→ Your instructions
Of the lines below, write out exactly those from the line with "Local Open Scope ring_scope." through the line with "rewrite mcoeff0 raddf_sum", both included, and skip the rest.

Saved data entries
○ ○ ○ ○ ○ ○ ○

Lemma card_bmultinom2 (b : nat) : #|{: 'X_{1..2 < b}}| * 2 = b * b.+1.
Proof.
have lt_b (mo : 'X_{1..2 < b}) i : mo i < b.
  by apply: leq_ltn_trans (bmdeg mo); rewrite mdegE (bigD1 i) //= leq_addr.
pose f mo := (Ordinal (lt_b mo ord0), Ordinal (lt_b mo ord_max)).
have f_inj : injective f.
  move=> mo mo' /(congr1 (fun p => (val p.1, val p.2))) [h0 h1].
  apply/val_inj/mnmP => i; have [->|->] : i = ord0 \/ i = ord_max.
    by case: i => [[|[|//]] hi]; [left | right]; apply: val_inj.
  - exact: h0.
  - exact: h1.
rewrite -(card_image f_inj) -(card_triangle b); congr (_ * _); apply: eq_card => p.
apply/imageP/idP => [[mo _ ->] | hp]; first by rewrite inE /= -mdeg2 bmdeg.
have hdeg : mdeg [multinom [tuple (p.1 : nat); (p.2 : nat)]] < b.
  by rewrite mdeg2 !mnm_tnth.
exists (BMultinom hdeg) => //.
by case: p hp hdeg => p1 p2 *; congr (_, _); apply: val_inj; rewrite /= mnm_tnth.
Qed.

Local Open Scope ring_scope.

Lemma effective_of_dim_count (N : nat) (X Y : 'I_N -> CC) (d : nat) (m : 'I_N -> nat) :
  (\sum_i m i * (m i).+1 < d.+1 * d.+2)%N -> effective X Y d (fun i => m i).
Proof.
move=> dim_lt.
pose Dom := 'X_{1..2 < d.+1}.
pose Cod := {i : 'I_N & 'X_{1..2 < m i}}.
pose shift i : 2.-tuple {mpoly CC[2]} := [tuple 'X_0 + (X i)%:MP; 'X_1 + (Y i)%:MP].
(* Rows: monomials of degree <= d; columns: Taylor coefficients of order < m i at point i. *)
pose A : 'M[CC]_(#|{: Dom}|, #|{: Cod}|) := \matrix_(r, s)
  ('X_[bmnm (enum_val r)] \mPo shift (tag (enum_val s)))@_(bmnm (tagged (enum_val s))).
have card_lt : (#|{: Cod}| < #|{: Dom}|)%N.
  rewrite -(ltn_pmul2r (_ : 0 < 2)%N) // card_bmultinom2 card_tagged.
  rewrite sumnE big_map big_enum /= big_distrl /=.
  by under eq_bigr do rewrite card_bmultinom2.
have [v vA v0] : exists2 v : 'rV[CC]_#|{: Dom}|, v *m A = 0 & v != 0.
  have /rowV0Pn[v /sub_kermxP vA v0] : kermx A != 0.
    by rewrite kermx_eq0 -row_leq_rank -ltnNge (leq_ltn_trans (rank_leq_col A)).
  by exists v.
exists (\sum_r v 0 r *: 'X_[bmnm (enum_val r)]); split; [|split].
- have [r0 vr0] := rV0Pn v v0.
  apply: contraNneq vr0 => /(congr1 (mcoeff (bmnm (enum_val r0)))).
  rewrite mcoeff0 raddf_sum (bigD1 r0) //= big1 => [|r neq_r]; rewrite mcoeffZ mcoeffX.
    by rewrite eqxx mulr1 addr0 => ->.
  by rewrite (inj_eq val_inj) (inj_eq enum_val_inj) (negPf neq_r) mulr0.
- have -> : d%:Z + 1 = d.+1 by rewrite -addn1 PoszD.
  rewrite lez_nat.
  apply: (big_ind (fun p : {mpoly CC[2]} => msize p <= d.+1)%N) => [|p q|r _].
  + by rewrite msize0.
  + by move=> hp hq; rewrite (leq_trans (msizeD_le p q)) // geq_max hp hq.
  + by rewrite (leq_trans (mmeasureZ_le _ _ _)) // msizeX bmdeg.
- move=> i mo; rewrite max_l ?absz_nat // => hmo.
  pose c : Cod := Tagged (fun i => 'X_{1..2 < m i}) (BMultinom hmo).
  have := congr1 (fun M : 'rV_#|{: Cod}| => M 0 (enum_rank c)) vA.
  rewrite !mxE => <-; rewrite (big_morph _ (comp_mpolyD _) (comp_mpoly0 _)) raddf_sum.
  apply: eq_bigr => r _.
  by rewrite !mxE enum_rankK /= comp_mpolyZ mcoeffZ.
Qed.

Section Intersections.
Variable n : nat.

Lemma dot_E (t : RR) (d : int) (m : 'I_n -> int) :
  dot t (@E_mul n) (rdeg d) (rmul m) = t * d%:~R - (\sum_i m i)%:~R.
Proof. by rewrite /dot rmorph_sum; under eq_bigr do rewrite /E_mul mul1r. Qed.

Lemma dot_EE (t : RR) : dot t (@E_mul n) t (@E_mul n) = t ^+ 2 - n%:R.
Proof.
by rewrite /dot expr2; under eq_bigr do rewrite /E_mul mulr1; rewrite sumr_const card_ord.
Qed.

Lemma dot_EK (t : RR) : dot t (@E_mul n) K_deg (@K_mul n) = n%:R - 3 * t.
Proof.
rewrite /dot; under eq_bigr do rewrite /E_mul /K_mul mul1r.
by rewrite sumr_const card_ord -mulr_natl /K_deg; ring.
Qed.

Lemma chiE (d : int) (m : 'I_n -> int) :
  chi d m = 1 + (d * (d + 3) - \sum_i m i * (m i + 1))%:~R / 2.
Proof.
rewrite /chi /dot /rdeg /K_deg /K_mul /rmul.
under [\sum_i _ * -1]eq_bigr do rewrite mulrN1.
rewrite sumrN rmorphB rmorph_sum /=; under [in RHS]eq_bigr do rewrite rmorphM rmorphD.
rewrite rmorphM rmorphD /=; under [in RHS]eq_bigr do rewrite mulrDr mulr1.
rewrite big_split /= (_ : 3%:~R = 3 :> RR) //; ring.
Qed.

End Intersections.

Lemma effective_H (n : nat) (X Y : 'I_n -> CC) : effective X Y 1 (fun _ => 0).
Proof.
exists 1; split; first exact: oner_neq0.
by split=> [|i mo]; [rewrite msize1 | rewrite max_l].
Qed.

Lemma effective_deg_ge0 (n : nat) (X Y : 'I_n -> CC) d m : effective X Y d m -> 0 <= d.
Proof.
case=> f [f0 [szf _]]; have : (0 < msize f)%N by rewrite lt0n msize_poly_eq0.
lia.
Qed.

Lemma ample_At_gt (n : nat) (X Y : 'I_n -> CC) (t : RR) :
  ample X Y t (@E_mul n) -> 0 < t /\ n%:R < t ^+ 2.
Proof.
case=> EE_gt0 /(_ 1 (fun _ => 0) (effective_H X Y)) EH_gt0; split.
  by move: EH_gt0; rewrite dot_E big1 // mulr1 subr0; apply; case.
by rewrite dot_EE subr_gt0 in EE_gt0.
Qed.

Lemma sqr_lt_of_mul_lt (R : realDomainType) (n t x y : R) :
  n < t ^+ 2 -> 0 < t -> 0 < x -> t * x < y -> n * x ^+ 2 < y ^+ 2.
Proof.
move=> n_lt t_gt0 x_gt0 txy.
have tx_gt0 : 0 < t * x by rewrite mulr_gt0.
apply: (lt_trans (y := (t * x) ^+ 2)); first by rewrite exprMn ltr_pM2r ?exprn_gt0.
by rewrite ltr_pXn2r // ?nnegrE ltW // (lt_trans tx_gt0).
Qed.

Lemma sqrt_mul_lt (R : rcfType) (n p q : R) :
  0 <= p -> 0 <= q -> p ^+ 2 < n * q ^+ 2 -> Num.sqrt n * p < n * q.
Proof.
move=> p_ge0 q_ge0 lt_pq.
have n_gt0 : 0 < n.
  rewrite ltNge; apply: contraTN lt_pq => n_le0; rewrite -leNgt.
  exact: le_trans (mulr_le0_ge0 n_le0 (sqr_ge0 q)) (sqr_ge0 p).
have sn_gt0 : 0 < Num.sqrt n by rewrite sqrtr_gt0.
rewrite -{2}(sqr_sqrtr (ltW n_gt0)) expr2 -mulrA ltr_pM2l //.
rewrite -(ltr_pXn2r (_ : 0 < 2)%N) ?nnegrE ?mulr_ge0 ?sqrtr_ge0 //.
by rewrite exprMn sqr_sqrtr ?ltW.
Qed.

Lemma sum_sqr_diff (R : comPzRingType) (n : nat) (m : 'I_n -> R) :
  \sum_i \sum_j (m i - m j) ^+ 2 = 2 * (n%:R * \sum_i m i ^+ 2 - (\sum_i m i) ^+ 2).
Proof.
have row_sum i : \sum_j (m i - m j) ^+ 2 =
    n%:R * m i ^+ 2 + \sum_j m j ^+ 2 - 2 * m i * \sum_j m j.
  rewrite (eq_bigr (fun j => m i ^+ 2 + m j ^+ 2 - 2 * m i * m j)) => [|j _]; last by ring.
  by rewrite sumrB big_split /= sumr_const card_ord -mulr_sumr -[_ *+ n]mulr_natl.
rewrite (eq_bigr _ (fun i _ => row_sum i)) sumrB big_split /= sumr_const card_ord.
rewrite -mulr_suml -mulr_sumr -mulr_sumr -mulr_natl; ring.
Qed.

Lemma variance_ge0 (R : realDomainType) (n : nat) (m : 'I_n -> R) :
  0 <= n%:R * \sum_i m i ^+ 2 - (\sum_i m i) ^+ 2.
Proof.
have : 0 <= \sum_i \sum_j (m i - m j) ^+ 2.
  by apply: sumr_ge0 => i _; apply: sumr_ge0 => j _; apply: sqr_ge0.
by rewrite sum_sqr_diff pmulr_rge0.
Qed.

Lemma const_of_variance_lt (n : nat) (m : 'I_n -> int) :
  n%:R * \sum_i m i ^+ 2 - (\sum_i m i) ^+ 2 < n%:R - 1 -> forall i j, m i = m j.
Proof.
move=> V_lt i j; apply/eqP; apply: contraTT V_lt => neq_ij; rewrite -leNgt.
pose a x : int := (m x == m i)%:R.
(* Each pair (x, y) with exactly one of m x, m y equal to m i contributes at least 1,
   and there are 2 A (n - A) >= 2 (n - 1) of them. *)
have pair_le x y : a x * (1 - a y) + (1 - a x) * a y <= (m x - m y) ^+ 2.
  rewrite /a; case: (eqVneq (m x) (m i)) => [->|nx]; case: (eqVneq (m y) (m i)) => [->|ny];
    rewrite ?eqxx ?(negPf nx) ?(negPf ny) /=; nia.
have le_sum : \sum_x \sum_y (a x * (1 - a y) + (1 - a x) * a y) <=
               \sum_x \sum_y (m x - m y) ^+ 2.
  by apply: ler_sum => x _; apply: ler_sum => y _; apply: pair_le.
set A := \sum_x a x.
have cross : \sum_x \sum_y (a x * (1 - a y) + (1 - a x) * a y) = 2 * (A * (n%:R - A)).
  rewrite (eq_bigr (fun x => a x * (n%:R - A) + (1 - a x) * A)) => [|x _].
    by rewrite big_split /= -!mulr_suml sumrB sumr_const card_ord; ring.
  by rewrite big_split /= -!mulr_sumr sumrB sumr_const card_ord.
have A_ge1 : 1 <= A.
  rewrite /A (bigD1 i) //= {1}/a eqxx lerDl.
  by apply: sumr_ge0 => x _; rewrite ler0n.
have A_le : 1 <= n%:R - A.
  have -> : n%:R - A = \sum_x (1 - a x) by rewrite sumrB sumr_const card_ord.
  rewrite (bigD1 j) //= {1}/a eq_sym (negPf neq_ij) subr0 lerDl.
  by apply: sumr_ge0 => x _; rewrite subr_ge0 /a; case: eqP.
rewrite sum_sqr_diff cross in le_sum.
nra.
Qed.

○ ○ ○ ○ ○ ○ ○

→ Output of the task
Local Open Scope ring_scope.

Lemma effective_of_dim_count (N : nat) (X Y : 'I_N -> CC) (d : nat) (m : 'I_N -> nat) :
  (\sum_i m i * (m i).+1 < d.+1 * d.+2)%N -> effective X Y d (fun i => m i).
Proof.
move=> dim_lt.
pose Dom := 'X_{1..2 < d.+1}.
pose Cod := {i : 'I_N & 'X_{1..2 < m i}}.
pose shift i : 2.-tuple {mpoly CC[2]} := [tuple 'X_0 + (X i)%:MP; 'X_1 + (Y i)%:MP].
(* Rows: monomials of degree <= d; columns: Taylor coefficients of order < m i at point i. *)
pose A : 'M[CC]_(#|{: Dom}|, #|{: Cod}|) := \matrix_(r, s)
  ('X_[bmnm (enum_val r)] \mPo shift (tag (enum_val s)))@_(bmnm (tagged (enum_val s))).
have card_lt : (#|{: Cod}| < #|{: Dom}|)%N.
  rewrite -(ltn_pmul2r (_ : 0 < 2)%N) // card_bmultinom2 card_tagged.
  rewrite sumnE big_map big_enum /= big_distrl /=.
  by under eq_bigr do rewrite card_bmultinom2.
have [v vA v0] : exists2 v : 'rV[CC]_#|{: Dom}|, v *m A = 0 & v != 0.
  have /rowV0Pn[v /sub_kermxP vA v0] : kermx A != 0.
    by rewrite kermx_eq0 -row_leq_rank -ltnNge (leq_ltn_trans (rank_leq_col A)).
  by exists v.
exists (\sum_r v 0 r *: 'X_[bmnm (enum_val r)]); split; [|split].
- have [r0 vr0] := rV0Pn v v0.
  apply: contraNneq vr0 => /(congr1 (mcoeff (bmnm (enum_val r0)))).
  rewrite mcoeff0 raddf_sum (bigD1 r0) //= big1 => [|r neq_r]; rewrite mcoeffZ mcoeffX.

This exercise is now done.